Lecture 8: The grammar of graphics

STAT598z: Intro. to computing for statistics


Vinayak Rao

Department of Statistics, Purdue University

Grammar?

A set of rules describing how to compose a 'vocabulary' into permissible 'sentences'

The R language has its own grammar

"Grammar of Graphics" is an abstraction describing how to create rich and informative plots

'The Grammar of Graphics', Leland Wilkinson

Embodied in the ggplot package for R

'A Layered Grammar of Graphics', Hadlay Wickham, Journal of Computational and Graphical Statistics, 2010

R’s base graphics supports some plotting commands

E.g. plot(), hist(), barplot()

Extending these standard graphics to custom plots is tedious

ggplot is much more flexible, and pretty

Install like you’d install any other package:

install.packages('ggplot2') library(ggplot2)

Why a grammar?

View different graphs as sharing common structure

Grammar of graphics breaks everything down into a set of components and rules relating them.

Rather than viewing an images as a 'thing' views it as a sequence of transformations applied to data.

This abstraction avoids

  • limiting yourself to what standard canned packages do
  • hacking through the graphics rendering engine

The components of a graphic are orthogonal:

  • changing one shouldn’t break the others
  • different settings of components are valid (if not sensible)
  • You can build complexity by adding more layers

The grammar represents what we do with the data

  • Plotting is part of understanding rich datasets
  • Having understood the structure of a graph, we might ask: what if we do this instead of that?

ggplot: R implementation of GoG

Components of ggplot ’s grammar of graphics:

One or more layers:

  • Data and aesthetic mappings
  • A statistical transformation
  • A geometric object
  • Position adjustments
  • A scale for each aesthetic
  • A coordinate system
  • A facet specification

Plotting in base R

In [ ]:
library('ggplot2') 
str(diamonds)  # diamonds is a dataset from ggplot
In [ ]:
plot(diamonds$carat, diamonds$price)
In [ ]:
diamonds_loc <- diamonds[sample(50000,10000),]
In [ ]:
ggplot() +
  layer(
    data = diamonds_loc,
    mapping = aes(x = carat, y = price),
    geom = "point", stat = "identity",
    position = "identity" ) +
  scale_y_continuous() + scale_x_continuous() +
  coord_cartesian()

Of course, ggplot has intelligent defaults:

In [ ]:
ggplot(diamonds_loc, aes(carat, price)) + geom_point()

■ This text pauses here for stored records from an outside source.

(* The black edges of normal_pi are the even cycle edges: they lie in delta_B
   and cover every vertex, hence form all of delta_B. *)
Lemma normal_black_edges : black_edges n normal_pi = dB.
Proof.
have -> : black_edges n normal_pi = [set e (2 * i) | i : 'I_n.+1].
  apply: eq_imset => i; have hi := ltn_ord i.
  rewrite normal_pi'E -{3}(map_inord_val t) cyc_edge_inord size_map st; last by lia.
  by rewrite /cnext ifT ?addn1 //; lia.
apply: perfect_matching_eq => //.
  apply/subsetP => _ /imsetP [i _ ->].
  have hi : 2 * i < N by have := ltn_ord i; lia.
  by have [-> _] := normal_cycle_parity hi; rewrite oddM.
move=> v; have vt : v \in t by rewrite (perm_mem pt) mem_enum.
set m := index v t; have hm : m < N by rewrite -st index_mem.
have hi : m./2 < n.+1 by lia.
exists (e (2 * Ordinal hi)); first by apply/imsetP; exists (Ordinal hi).
rewrite /cyc_edge /= /cnext st ifT; last by lia.
rewrite -(nth_index ord0 vt) -/m.
have [Em | Em] : m = 2 * m./2 \/ m = (2 * m./2).+1.
  by have := odd_double_half m; case: (odd m) => /=; lia.
- by rewrite {1}Em set21.
- by rewrite {1}Em set22.
Qed.

Lemma normal_cycle_breakpoint : exists pi, signed_perm n pi /\ dB = black_edges n pi.
Proof.
by exists normal_pi; rewrite normal_black_edges; split=> //; apply: normal_pi_signed_perm.
Qed.

End NormalCycle.
(* Fix $k$ and let $C(m)=\binom{2m}{m+k}$ and $C_L(m)=\frac{1}{4^m}\binom{2m}{m+k}$, regarded as functions of $m$. For $j\ge1$ let $$\Delta_j(m)=(-1)^j\big[2^j\psi^{(j-1)}(2m+1)-\psi^{(j-1)}(m+1+k)-\psi^{(j-1)}(m+1-k)\big],$$ and define $x_0(m)=1$, $x_1(m)=0$, and $x_j(m)=\sum_{l=0}^{j-2}\binom{j-1}{l}\Delta_{j-l}(m)x_l(m)$ for $j\ge2$. Then for every $p\in\mathbb{N}_0$ and every $m$ at which these quantities are defined, $$C^{(p)}(m)=(-1)^p\binom{2m}{m+k}\sum_{i=0}^{p}\binom{p}{i}\Delta_1(m)^{p-i}x_i(m)$$ and $$C_L^{(p)}(m)=(-1)^p\binom{2m}{m+k}\sum_{i=0}^{p}\binom{p}{i}\big(\Delta_1(m)+\log 4\big)^{p-i}x_i(m).$$
   Context: The binomial coefficient is defined via the gamma function: $\binom{2m}{m+k}=\frac{\Gamma(2m+1)}{\Gamma(m+k+1)\Gamma(m-k+1)}$. $\psi^{(n)}(z)=\frac{d^{n+1}}{dz^{n+1}}\log\Gamma(z)$ is the polygamma function. The identities are asserted at values of $m$ where none of $2m+1$, $m+1+k$, $m+1-k$ is a non-positive integer, so that all gamma and polygamma values involved are finite. *)

From Stdlib Require Import Reals Factorial.
From Coquelicot Require Import Coquelicot.
Open Scope R_scope.

(* Euler's Gamma function via the Gauss limit formula
     Gamma(x) = lim_{n->oo} n! n^x / (x (x+1) ... (x+n)),
   valid (and the standard definition) for every real x that is not a
   non-positive integer. *)
Fixpoint poch (x : R) (n : nat) : R :=
  match n with
  | O => x
  | S n' => poch x n' * (x + INR (S n'))
  end.

Definition gauss_term (x : R) (n : nat) : R :=
  INR (fact n) * Rpower (INR n) x
  / poch x n.

Definition Gamma (x : R) : R := real (Lim_seq (gauss_term x)).

(* Polygamma psi^(n)(z) = d^(n+1)/dz^(n+1) log Gamma(z);
   log |Gamma| has the same derivatives as log Gamma (where Gamma < 0 the
   real logarithm of Gamma is taken as log|Gamma|). *)
Definition polygamma (n : nat) (z : R) : R :=
  Derive_n (fun t => ln (Rabs (Gamma t))) (S n) z.

Definition binomR (a b : R) : R :=
  Gamma (a + 1) / (Gamma (b + 1) * Gamma (a - b + 1)).

Definition Delta_j (k m : R) (j : nat) : R :=
  (-1) ^ j * (2 ^ j * polygamma (j - 1) (2 * m + 1)
              - polygamma (j - 1) (m + 1 + k)
              - polygamma (j - 1) (m + 1 - k)).

Fixpoint xaux (D : nat -> R) (fuel j : nat) {struct fuel} : R :=
  match fuel with
  | O => 1
  | S f =>
      match j with
      | O => 1
      | S O => 0
      | S (S j') =>
          sum_n (fun l => Binomial.C (S j') l * D (S (S j') - l)%nat * xaux D f l) j'
      end
  end.

Definition xseq (D : nat -> R) (j : nat) : R := xaux D j j.

Definition Cfun (k : R) (t : R) : R := binomR (2 * t) (t + k).
Definition CLfun (k : R) (t : R) : R := binomR (2 * t) (t + k) / Rpower 4 t.

(* Near any point that is not a non-positive integer, the Gauss product gives
   [Gamma = s * exp Lambda] with [s = 1] or [-1] and
   [Lambda x = sum_j (x ln (1 + 1/j) - ln |x + j| + ln j)]; the termwise derivatives of
   each order are O(1/j^2) uniformly on a small ball, so the series may be differentiated
   termwise and [polygamma n = Lambda^(n+1)].  Hence [C = s' * exp L] near m with
   [L t = Lambda (2t+1) - Lambda (t+1+k) - Lambda (t+1-k)] and [L^(j) (m) = (-1)^j Delta_j].
   Writing [L t = L m - Delta_1 (t - m) + M t] with [M' m = 0], Leibniz' rule applied to
   [exp (M t) * exp (- Delta_1 (t - m))] gives the formula, because the derivatives of
   [exp M] at m obey exactly the recursion defining [x_j].  For [C_L] replace [L] by
   [L - t ln 4]. *)

From Stdlib Require Import Reals Factorial Lra Lia.
From Coquelicot Require Import Coquelicot.
Open Scope R_scope.

(* Coquelicot states its algebra with [plus]/[mult] of the canonical structures;
   [change] exposes the plain real equation to [ring]/[field]. *)
Ltac Rring := match goal with |- ?a = ?b => change (@eq R a b) end;
  repeat change (mult ?x ?y) with (x * y); repeat change (plus ?x ?y) with (x + y); ring.

Lemma is_derive_eq (f : R -> R) (x l l' : R) : is_derive f x l -> l = l' -> is_derive f x l'.
Proof. now intros H <-. Qed.

Lemma is_derive_Rmult (f g : R -> R) x df dg :
  is_derive f x df -> is_derive g x dg ->
  is_derive (fun t => f t * g t) x (df * g x + f x * dg).
Proof. intros Hf Hg. apply (is_derive_mult f g x df dg Hf Hg). intros; apply Rmult_comm. Qed.

Lemma is_derive_Rplus (f g : R -> R) x df dg :
  is_derive f x df -> is_derive g x dg ->
  is_derive (fun t => f t + g t) x (df + dg).
Proof. exact (is_derive_plus f g x df dg). Qed.

Lemma is_derive_Rminus (f g : R -> R) x df dg :
  is_derive f x df -> is_derive g x dg ->
  is_derive (fun t => f t - g t) x (df - dg).
Proof. exact (is_derive_minus f g x df dg). Qed.

Lemma is_derive_Rcomp (f g : R -> R) x df dg :
  is_derive f (g x) df -> is_derive g x dg ->
  is_derive (fun t => f (g t)) x (dg * df).
Proof. exact (is_derive_comp f g x df dg). Qed.

Lemma is_derive_affine (a b x : R) : is_derive (fun t => a * t + b) x a.
Proof. auto_derive; [easy | ring]. Qed.

Lemma sum_n_Sn_shift (w : nat -> R) (N : nat) :
  sum_n w (S N) = w O + sum_n (fun i => w (S i)) N.
Proof.
  unfold sum_n. rewrite sum_Sn_m by lia. now rewrite <- sum_n_m_S.
Qed.

(* [Binomial.C N (S N)] is not 0 (real division of factorials), so the two boundary
   terms are split off before Pascal's rule is used. *)
Lemma sum_n_binomial_pascal (f g : nat -> R) (N : nat) :
  sum_n (fun i => Binomial.C N i * (f (S i) * g (N - i)%nat + f i * g (S (N - i)))) N
  = sum_n (fun i => Binomial.C (S N) i * f i * g (S N - i)%nat) (S N).
Proof.
  set (w := fun i => match i with O => 0 | S i' => Binomial.C N i' * f i * g (S N - i)%nat end).
  set (v := fun i => if (i <=? N)%nat then Binomial.C N i * f i * g (S N - i)%nat else 0).
  transitivity (sum_n w (S N) + sum_n v (S N)).
  - rewrite sum_n_Sn_shift, sum_Sn.
    unfold v at 2. replace (S N <=? N)%nat with false by (symmetry; apply Nat.leb_gt; lia).
    change (plus (sum_n v N) 0) with (sum_n v N + 0).
    simpl (w O). rewrite Rplus_0_l, Rplus_0_r.
    change (sum_n (fun i => w (S i)) N + sum_n v N) with
      (plus (sum_n (fun i => w (S i)) N) (sum_n v N)).
    rewrite <- sum_n_plus.
    apply sum_n_ext_loc. intros i Hi. unfold w, v.
    replace (i <=? N)%nat with true by (symmetry; apply Nat.leb_le; lia).
    replace (S N - S i)%nat with (N - i)%nat by lia.
    replace (S N - i)%nat with (S (N - i)) by lia.
    cbn -[Binomial.C]. Rring.
  - transitivity (sum_n (fun i => w i + v i) (S N)); [symmetry; exact (sum_n_plus w v (S N))|].
    apply sum_n_ext_loc. intros [|i] Hi; unfold w, v; change (@plus R_AbelianMonoid) with Rplus.
    + simpl (0 <=? N)%nat. rewrite !C_n_0. Rring.
    + destruct (Nat.eq_dec i N) as [->|Hne].
      * replace (S N <=? N)%nat with false by (symmetry; apply Nat.leb_gt; lia).
        rewrite !C_n_n. Rring.
      * replace (S i <=? N)%nat with true by (symmetry; apply Nat.leb_le; lia).
        rewrite <- pascal by lia. Rring.
Qed.

Lemma is_derive_sum_binomial_product (f g : nat -> R -> R) N x :
  (forall i, (i <= N)%nat -> is_derive (f i) x (f (S i) x)) ->
  (forall i, (i <= N)%nat -> is_derive (g i) x (g (S i) x)) ->
  is_derive (fun t => sum_n (fun i => Binomial.C N i * f i t * g (N - i)%nat t) N) x
    (sum_n (fun i => Binomial.C (S N) i * f i x * g (S N - i)%nat x) (S N)).
Proof.
  intros Hf Hg.
  rewrite <- (sum_n_binomial_pascal (fun i => f i x) (fun i => g i x)).
  apply (is_derive_sum_n (K := R_AbsRing) (V := R_NormedModule)
    (fun i t => Binomial.C N i * f i t * g (N - i)%nat t)). intros i Hi.
  apply (is_derive_ext (fun t => Binomial.C N i * (f i t * g (N - i)%nat t))).
  { intros t. Rring. }
  apply is_derive_scal, is_derive_Rmult; [apply Hf | apply Hg]; lia.
Qed.

Definition is_derive_tower (f : nat -> R -> R) (U : R -> Prop) :=
  forall n x, U x -> is_derive (f n) x (f (S n) x).

Lemma Derive_n_tower f U : open U -> is_derive_tower f U ->
  forall n x, U x -> Derive_n (f O) n x = f n x.
Proof.
  intros HU Hf n. induction n as [|n IH]; intros x Hx; [reflexivity|].
  simpl. rewrite (Derive_ext_loc _ (f n)).
  - apply is_derive_unique, Hf, Hx.
  - apply (locally_open U); auto.
Qed.
(* For $n\ge 1$, let $\mathcal M(n)$ be the number of MAB pairs and $\overline{\mathcal M}(n)$ the number of MAU pairs $(u,v)$ with $u,v\in\{a,b\}^n$. Then the number of pairs $(u,v)\in\{a,b\}^n\times\{a,b\}^n$ that have an external abelian-border but no internal abelian-border equals $\dfrac{2^{2n}-\mathcal M(n)-\overline{\mathcal M}(n)}{2}$, and so does the number of pairs that have an internal abelian-border but no external abelian-border.
   Context: Let $\Sigma=\{a,b\}$. For a word $w$ and a letter $c$, $|w|_c$ denotes the number of occurrences of $c$ in $w$. Two words $x,y$ are abelian equivalent, written $x\sim_{\mathrm{abl}}y$, if $|x|_c=|y|_c$ for all $c\in\Sigma$. For words $u,v$: a pair $(x,y)$ is an internal abelian-border of $(u,v)$ if $x$ is a nonempty proper suffix of $u$, $y$ is a proper prefix of $v$, and $x\sim_{\mathrm{abl}}y$; it is an external abelian-border of $(u,v)$ if $x$ is a nonempty proper prefix of $u$, $y$ is a proper suffix of $v$, and $x\sim_{\mathrm{abl}}y$. The pair $(u,v)$ is mutually abelian-bordered (MAB) if it has both an internal and an external abelian-border, and mutually abelian-unbordered (MAU) if it has neither. *)

(* Alphabet Sigma = {a,b} is encoded as bool (a := true, b := false). *)
From mathcomp Require Import all_boot.
Set Implicit Arguments.
Unset Strict Implicit.
Unset Printing Implicit Defensive.

Definition word := seq bool.

Definition abl (x y : word) : bool := [forall c : bool, count_mem c x == count_mem c y].

Definition internal_border (u v x y : word) : bool :=
  [&& suffix x u, x != [::], x != u, prefix y v, y != v & abl x y].

Definition external_border (u v x y : word) : bool :=
  [&& prefix x u, x != [::], x != u, suffix y v, y != v & abl x y].

(* Existence of a border: every prefix of u is take i u and every suffix is
   drop (size u - i) u for some i <= size u, so quantifying over these
   finitely many candidates is the same as quantifying over all words. *)
Definition has_internal (u v : word) : bool :=
  [exists i : 'I_(size u).+1, exists j : 'I_(size v).+1,
     internal_border u v (drop (size u - i) u) (take j v)].

Definition has_external (u v : word) : bool :=
  [exists i : 'I_(size u).+1, exists j : 'I_(size v).+1,
     external_border u v (take i u) (drop (size v - j) v)].

Definition MAB (u v : word) : bool := has_internal u v && has_external u v.
Definition MAU (u v : word) : bool := ~~ has_internal u v && ~~ has_external u v.

Definition pairs (n : nat) := (n.-tuple bool * n.-tuple bool)%type.

Definition M (n : nat) : nat := #|[set p : pairs n | MAB p.1 p.2]|.
Definition Mbar (n : nat) : nat := #|[set p : pairs n | MAU p.1 p.2]|.

Definition ext_only (n : nat) : nat :=
  #|[set p : pairs n | has_external p.1 p.2 && ~~ has_internal p.1 p.2]|.
Definition int_only (n : nat) : nat :=
  #|[set p : pairs n | has_internal p.1 p.2 && ~~ has_external p.1 p.2]|.

From mathcomp Require Import all_boot zify.

(* The swap (u, v) |-> (v, u) exchanges internal and external abelian-borders,
   so it is a bijection between the pairs with only an external border and
   those with only an internal one.  Since the four classes MAB, MAU,
   external-only and internal-only partition all 2^(2n) pairs, each of the two
   middle classes has (2^(2n) - M(n) - Mbar(n)) / 2 elements. *)

Lemma ablC (x y : word) : abl x y = abl y x.
Proof. by apply/forallP/forallP => xy c; rewrite eq_sym; apply: xy. Qed.

Lemma abl_size (x y : word) : abl x y -> size x = size y.
Proof.
have sizeE (w : word) : size w = count_mem true w + count_mem false w.
  by rewrite -(count_predC (pred1 true)); congr (_ + _); apply: eq_count => -[].
by move/forallP=> xy; rewrite !sizeE (eqP (xy true)) (eqP (xy false)).
Qed.

Lemma internal_borderC (u v x y : word) :
  internal_border u v x y = external_border v u y x.
Proof.
rewrite /internal_border /external_border ablC.
have [yx|] := boolP (abl y x); last by rewrite !andbF.
have -> : (x != [::]) = (y != [::]) by rewrite -!size_eq0 (abl_size _ _ yx).
by case: (suffix x u); case: (prefix y v); case: (x != u); case: (y != v);
   case: (y != [::]).
Qed.

Lemma has_internalC (u v : word) : has_internal u v = has_external v u.
Proof.
apply/existsP/existsP => [[i /existsP [j uv]] | [j /existsP [i vu]]].
  by exists j; apply/existsP; exists i; rewrite -internal_borderC.
by exists i; apply/existsP; exists j; rewrite internal_borderC.
Qed.

Lemma card_swap (T : finType) (r : rel T) :
  #|[set p : T * T | r p.2 p.1]| = #|[set p : T * T | r p.1 p.2]|.
Proof.
have swapK : involutive (fun p : T * T => (p.2, p.1)) by case.
rewrite -(card_preimset _ (inv_inj swapK)); apply: eq_card => p.
by rewrite !inE.
Qed.

Lemma card_partition2 (T : finType) (A B : pred T) :
  #|[predI A & B]| + #|[predD A & B]| + #|[predI [predC A] & B]|
    + #|[predD [predC A] & B]| = #|T|.
Proof. by rewrite cardID -addnA cardID cardC. Qed.

Lemma card_pairs (n : nat) : #|{: pairs n}| = 2 ^ (2 * n).
Proof. by rewrite card_prod !card_tuple card_bool -expnD addnn mul2n. Qed.

Lemma int_only_ext_only (n : nat) : int_only n = ext_only n.
Proof.
pose r (u v : n.-tuple bool) := has_external u v && ~~ has_internal u v.
rewrite /ext_only -(card_swap _ r); apply: eq_card => p.
by rewrite !inE /r -!has_internalC.
Qed.

Theorem mainTheorem13 (n : nat) (hn : 1 <= n) :
  2 * ext_only n = 2 ^ (2 * n) - M n - Mbar n /\
  2 * int_only n = 2 ^ (2 * n) - M n - Mbar n.
Proof.
pose hi (p : pairs n) := has_internal p.1 p.2.
pose he (p : pairs n) := has_external p.1 p.2.
have := card_partition2 _ hi he; rewrite card_pairs.
have -> : #|[predI hi & he]| = M n by apply: eq_card => p; rewrite inE.
have -> : #|[predD hi & he]| = int_only n.
  by apply: eq_card => p; rewrite !inE andbC.
have -> : #|[predI [predC hi] & he]| = ext_only n.
  by apply: eq_card => p; rewrite inE andbC.
have -> : #|[predD [predC hi] & he]| = Mbar n.
  by apply: eq_card => p; rewrite inE /= /MAU andbC.
rewrite int_only_ext_only; lia.
Qed.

There’s also further abbreviations via qplot

(I find this confusing)

Layers

ggplot produces an object that is rendered into a plot

This object consists of a number of layers

Each layer can get own inputs or share arguments to ggplot()

Add another layer to previous plot:

In [ ]:
ggplot(diamonds_loc, aes(x=carat, y = price)) + geom_point() + geom_smooth()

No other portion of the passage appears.